[[ EXCERPTED DATA, beginning ]]
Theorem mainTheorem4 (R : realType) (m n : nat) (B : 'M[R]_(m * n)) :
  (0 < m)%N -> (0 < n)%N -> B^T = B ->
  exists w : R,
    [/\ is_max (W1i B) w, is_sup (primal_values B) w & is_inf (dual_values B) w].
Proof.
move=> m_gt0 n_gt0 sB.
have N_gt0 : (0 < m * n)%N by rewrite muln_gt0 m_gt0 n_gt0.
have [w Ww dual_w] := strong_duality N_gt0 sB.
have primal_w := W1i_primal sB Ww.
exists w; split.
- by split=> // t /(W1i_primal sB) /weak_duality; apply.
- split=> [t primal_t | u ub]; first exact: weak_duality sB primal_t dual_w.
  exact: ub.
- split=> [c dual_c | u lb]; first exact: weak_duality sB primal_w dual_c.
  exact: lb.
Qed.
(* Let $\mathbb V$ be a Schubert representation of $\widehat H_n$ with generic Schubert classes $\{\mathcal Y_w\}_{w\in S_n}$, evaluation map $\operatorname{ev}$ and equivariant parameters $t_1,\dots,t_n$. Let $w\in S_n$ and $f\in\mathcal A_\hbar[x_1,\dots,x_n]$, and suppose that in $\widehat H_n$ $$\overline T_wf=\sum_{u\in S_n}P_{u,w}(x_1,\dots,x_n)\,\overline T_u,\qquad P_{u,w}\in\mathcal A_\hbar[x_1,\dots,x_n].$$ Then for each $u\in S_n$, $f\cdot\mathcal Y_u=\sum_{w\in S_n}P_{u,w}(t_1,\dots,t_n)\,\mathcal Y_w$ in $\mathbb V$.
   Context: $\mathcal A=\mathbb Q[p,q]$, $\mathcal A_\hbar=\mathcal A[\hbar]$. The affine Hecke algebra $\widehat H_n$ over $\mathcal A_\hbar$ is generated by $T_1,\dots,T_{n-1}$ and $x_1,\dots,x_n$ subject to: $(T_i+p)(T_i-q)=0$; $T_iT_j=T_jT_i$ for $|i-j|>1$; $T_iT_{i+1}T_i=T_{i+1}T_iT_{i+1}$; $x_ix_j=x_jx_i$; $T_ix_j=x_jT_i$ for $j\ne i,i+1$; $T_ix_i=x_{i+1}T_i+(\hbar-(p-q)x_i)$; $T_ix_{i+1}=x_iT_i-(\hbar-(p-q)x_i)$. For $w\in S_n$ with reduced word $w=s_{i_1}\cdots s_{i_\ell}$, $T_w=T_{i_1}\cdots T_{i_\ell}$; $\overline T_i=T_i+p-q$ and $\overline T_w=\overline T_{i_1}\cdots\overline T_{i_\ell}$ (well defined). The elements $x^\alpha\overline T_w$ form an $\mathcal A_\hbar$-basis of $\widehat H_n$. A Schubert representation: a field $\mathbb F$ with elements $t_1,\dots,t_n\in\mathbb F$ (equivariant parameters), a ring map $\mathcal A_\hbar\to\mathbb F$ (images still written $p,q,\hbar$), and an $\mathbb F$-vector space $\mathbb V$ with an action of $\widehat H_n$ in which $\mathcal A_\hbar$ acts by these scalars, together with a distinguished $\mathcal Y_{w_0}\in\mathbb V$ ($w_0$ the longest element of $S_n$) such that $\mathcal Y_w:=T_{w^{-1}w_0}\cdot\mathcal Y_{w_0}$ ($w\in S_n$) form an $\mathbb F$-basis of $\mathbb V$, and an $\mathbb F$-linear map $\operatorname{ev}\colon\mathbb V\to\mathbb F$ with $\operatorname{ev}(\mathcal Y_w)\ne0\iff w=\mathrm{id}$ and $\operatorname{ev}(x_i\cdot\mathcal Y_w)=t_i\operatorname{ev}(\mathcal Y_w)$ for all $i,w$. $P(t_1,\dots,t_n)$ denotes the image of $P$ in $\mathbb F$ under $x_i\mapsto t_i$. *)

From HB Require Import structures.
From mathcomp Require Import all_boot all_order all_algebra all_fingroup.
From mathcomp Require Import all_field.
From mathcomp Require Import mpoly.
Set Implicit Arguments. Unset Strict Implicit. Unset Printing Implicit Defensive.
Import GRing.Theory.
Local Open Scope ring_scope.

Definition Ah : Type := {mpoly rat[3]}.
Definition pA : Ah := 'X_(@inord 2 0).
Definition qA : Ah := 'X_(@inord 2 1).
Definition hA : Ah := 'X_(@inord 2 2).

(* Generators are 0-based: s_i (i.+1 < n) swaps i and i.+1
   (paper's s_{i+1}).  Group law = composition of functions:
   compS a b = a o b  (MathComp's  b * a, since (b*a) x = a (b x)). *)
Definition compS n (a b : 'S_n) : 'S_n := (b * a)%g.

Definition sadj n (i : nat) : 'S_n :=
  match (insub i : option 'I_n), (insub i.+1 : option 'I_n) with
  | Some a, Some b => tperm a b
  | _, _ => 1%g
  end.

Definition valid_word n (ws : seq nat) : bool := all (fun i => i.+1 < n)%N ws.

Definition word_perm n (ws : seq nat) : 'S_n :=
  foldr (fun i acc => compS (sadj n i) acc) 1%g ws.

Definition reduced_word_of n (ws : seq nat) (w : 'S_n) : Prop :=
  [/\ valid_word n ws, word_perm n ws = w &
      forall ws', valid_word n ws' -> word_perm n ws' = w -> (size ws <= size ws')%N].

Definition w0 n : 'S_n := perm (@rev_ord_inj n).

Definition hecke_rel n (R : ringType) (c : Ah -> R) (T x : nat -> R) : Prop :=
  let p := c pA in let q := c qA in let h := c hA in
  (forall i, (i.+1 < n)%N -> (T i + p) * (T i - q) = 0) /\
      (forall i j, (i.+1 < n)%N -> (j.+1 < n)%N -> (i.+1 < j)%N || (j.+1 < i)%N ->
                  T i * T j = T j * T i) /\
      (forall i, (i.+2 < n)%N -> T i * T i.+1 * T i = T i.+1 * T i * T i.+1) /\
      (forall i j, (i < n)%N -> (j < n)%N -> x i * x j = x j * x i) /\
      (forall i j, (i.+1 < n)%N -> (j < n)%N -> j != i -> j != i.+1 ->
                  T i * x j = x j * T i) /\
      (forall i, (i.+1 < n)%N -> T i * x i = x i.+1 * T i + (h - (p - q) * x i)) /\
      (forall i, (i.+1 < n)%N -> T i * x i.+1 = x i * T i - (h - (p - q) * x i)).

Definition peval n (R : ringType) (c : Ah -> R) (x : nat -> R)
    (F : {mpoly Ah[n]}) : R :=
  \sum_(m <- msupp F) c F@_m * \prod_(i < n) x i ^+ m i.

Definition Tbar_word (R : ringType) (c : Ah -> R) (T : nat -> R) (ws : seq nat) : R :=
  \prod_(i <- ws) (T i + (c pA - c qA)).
[[ EXCERPTED DATA, end ]]
[[ EXCERPTED DATA, beginning ]]
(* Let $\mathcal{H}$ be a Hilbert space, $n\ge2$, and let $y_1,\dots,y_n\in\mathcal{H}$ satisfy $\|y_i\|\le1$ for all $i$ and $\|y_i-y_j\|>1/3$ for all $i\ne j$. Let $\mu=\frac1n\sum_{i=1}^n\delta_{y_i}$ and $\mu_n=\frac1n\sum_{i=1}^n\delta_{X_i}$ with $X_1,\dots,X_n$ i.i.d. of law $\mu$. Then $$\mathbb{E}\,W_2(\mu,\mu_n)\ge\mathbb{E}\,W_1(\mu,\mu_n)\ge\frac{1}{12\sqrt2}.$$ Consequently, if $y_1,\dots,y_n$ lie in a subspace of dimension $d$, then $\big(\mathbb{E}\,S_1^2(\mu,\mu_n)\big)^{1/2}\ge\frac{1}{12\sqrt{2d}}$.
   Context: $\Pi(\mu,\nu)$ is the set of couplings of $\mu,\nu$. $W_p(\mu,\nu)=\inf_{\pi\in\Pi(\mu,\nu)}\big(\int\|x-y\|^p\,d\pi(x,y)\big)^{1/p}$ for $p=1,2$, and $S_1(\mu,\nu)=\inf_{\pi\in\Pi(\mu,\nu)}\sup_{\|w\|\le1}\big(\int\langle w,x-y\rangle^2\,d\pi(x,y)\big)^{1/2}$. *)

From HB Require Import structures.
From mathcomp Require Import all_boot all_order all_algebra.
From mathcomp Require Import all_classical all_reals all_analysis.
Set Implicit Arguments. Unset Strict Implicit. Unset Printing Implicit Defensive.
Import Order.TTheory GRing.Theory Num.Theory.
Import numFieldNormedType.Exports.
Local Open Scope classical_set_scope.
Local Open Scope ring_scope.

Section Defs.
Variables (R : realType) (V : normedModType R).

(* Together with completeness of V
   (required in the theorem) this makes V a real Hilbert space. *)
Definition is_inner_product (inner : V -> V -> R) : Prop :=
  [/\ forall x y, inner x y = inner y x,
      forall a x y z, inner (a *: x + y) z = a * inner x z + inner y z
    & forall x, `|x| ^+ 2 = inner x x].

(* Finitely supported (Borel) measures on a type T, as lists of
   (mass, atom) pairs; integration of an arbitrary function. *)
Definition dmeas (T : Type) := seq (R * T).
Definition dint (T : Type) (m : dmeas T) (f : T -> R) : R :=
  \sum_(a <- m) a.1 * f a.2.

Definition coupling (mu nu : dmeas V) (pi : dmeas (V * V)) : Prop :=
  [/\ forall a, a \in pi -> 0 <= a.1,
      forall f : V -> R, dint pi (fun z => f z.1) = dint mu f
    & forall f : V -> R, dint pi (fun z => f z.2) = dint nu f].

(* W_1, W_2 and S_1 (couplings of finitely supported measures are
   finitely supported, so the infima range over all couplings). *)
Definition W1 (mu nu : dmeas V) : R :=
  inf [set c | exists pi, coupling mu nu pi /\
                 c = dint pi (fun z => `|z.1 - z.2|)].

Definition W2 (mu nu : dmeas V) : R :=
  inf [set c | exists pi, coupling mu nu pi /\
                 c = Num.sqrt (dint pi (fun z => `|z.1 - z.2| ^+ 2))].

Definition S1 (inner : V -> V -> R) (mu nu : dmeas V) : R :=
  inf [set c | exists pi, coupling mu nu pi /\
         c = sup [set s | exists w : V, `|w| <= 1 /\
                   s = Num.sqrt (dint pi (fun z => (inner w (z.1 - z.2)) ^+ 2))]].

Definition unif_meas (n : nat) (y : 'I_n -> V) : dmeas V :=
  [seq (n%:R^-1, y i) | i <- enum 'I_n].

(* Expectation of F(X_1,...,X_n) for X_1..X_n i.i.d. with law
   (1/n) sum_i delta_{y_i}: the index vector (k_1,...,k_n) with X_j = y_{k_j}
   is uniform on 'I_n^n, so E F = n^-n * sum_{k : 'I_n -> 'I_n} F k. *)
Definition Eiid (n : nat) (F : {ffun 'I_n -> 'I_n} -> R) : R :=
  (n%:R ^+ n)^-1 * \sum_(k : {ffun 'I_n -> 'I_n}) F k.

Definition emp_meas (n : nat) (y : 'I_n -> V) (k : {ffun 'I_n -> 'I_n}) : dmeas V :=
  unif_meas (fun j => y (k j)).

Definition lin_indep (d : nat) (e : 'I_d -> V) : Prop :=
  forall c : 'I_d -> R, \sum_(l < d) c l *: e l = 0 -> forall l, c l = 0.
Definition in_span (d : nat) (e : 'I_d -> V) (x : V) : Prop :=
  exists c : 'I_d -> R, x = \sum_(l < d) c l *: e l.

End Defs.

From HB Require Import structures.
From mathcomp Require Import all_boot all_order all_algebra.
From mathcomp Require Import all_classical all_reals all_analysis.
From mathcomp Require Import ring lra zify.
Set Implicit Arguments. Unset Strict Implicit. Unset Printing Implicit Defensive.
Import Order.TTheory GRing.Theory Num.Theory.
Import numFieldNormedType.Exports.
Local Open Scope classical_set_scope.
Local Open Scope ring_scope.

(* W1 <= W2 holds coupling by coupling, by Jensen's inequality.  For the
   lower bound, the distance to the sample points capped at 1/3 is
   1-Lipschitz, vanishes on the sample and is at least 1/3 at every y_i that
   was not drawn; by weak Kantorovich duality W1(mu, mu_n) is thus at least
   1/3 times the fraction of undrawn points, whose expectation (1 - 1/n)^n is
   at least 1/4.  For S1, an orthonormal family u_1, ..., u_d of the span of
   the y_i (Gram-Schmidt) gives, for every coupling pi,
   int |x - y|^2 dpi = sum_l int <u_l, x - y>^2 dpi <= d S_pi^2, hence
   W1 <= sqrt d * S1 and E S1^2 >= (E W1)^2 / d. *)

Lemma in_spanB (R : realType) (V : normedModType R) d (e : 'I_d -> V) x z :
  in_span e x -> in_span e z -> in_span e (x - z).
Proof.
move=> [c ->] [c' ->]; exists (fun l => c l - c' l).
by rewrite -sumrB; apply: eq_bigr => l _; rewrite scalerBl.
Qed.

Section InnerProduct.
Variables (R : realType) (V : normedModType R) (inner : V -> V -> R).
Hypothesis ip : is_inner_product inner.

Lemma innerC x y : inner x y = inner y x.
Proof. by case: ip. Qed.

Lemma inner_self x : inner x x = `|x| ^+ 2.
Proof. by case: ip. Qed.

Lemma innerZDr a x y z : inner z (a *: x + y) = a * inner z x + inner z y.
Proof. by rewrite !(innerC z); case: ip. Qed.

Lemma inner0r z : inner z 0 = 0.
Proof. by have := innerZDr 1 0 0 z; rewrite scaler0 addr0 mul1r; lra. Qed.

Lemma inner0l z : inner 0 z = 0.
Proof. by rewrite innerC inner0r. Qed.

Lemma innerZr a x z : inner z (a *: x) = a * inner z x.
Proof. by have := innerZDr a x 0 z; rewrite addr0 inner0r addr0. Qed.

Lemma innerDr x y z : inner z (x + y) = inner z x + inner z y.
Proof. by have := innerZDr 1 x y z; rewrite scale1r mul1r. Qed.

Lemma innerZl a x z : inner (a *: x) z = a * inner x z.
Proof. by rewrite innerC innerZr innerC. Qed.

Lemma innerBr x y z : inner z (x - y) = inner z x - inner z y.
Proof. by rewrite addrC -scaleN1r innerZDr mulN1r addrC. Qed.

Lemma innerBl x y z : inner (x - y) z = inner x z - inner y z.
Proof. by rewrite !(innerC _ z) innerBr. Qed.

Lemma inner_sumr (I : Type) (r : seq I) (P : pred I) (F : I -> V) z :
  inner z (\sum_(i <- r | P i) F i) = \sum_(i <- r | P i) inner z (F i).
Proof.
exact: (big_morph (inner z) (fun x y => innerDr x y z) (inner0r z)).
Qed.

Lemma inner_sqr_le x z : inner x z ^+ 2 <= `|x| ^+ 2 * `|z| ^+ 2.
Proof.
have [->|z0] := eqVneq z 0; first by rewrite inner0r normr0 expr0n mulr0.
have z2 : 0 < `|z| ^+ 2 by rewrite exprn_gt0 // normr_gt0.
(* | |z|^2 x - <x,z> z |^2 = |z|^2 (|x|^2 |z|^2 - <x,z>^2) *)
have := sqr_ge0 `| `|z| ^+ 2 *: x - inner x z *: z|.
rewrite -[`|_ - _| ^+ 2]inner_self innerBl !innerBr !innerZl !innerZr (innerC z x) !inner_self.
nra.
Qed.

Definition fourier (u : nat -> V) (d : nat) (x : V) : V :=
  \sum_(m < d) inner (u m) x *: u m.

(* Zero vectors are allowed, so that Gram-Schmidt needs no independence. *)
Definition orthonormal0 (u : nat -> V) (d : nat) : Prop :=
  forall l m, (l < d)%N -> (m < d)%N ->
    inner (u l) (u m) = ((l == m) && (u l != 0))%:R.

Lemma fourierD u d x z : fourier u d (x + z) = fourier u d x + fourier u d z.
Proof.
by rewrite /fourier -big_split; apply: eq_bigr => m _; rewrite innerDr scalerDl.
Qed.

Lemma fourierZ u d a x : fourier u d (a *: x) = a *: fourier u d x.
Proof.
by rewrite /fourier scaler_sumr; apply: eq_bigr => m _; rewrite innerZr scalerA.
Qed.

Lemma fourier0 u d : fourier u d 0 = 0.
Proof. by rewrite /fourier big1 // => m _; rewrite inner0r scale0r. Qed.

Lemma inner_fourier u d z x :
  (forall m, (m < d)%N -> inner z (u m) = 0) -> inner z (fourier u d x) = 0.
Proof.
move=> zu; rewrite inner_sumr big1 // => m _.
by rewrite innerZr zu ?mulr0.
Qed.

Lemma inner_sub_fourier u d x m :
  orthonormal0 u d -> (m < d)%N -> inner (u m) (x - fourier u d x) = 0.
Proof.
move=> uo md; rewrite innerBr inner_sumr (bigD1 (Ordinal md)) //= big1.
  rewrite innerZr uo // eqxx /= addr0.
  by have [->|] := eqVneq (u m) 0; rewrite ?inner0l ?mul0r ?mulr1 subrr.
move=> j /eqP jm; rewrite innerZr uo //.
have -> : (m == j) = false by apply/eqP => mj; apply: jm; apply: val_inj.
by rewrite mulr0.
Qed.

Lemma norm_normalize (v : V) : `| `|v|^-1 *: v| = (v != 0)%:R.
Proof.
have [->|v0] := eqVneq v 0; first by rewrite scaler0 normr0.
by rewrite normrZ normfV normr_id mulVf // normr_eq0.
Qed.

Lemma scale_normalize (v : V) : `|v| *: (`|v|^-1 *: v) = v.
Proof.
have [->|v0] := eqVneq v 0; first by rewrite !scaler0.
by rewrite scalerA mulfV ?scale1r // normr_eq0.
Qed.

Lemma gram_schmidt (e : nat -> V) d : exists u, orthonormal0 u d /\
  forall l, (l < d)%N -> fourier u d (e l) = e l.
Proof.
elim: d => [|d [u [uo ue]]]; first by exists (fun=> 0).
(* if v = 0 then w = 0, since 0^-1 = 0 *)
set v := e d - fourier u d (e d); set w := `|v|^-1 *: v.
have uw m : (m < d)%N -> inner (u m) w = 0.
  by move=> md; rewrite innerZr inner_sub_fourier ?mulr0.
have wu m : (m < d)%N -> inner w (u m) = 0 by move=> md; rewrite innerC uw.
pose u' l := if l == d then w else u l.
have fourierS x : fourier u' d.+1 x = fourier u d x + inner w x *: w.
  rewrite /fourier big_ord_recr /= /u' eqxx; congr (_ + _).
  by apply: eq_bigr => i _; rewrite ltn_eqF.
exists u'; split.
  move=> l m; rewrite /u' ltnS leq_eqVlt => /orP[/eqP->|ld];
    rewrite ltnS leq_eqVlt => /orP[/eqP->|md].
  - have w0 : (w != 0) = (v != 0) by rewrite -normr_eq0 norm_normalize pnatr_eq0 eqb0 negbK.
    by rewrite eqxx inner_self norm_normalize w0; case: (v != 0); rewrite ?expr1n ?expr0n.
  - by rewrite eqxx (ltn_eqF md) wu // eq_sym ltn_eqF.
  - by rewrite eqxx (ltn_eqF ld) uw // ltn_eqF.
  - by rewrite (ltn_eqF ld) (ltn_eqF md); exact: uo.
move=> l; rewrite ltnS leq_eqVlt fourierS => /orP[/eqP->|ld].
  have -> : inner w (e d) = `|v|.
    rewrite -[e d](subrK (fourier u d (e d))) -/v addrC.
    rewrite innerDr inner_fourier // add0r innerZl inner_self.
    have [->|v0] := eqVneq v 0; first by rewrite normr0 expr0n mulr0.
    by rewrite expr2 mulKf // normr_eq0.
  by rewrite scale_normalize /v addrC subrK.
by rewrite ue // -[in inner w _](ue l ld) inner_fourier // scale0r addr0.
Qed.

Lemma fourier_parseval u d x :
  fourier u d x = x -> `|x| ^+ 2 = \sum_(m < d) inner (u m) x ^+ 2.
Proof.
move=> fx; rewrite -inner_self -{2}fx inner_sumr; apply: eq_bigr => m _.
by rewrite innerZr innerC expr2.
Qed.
[[ EXCERPTED DATA, end ]]
Pull out every line of the entries that includes the word "Section".

> _COMPLETED TASK_
Section Defs.
Section InnerProduct.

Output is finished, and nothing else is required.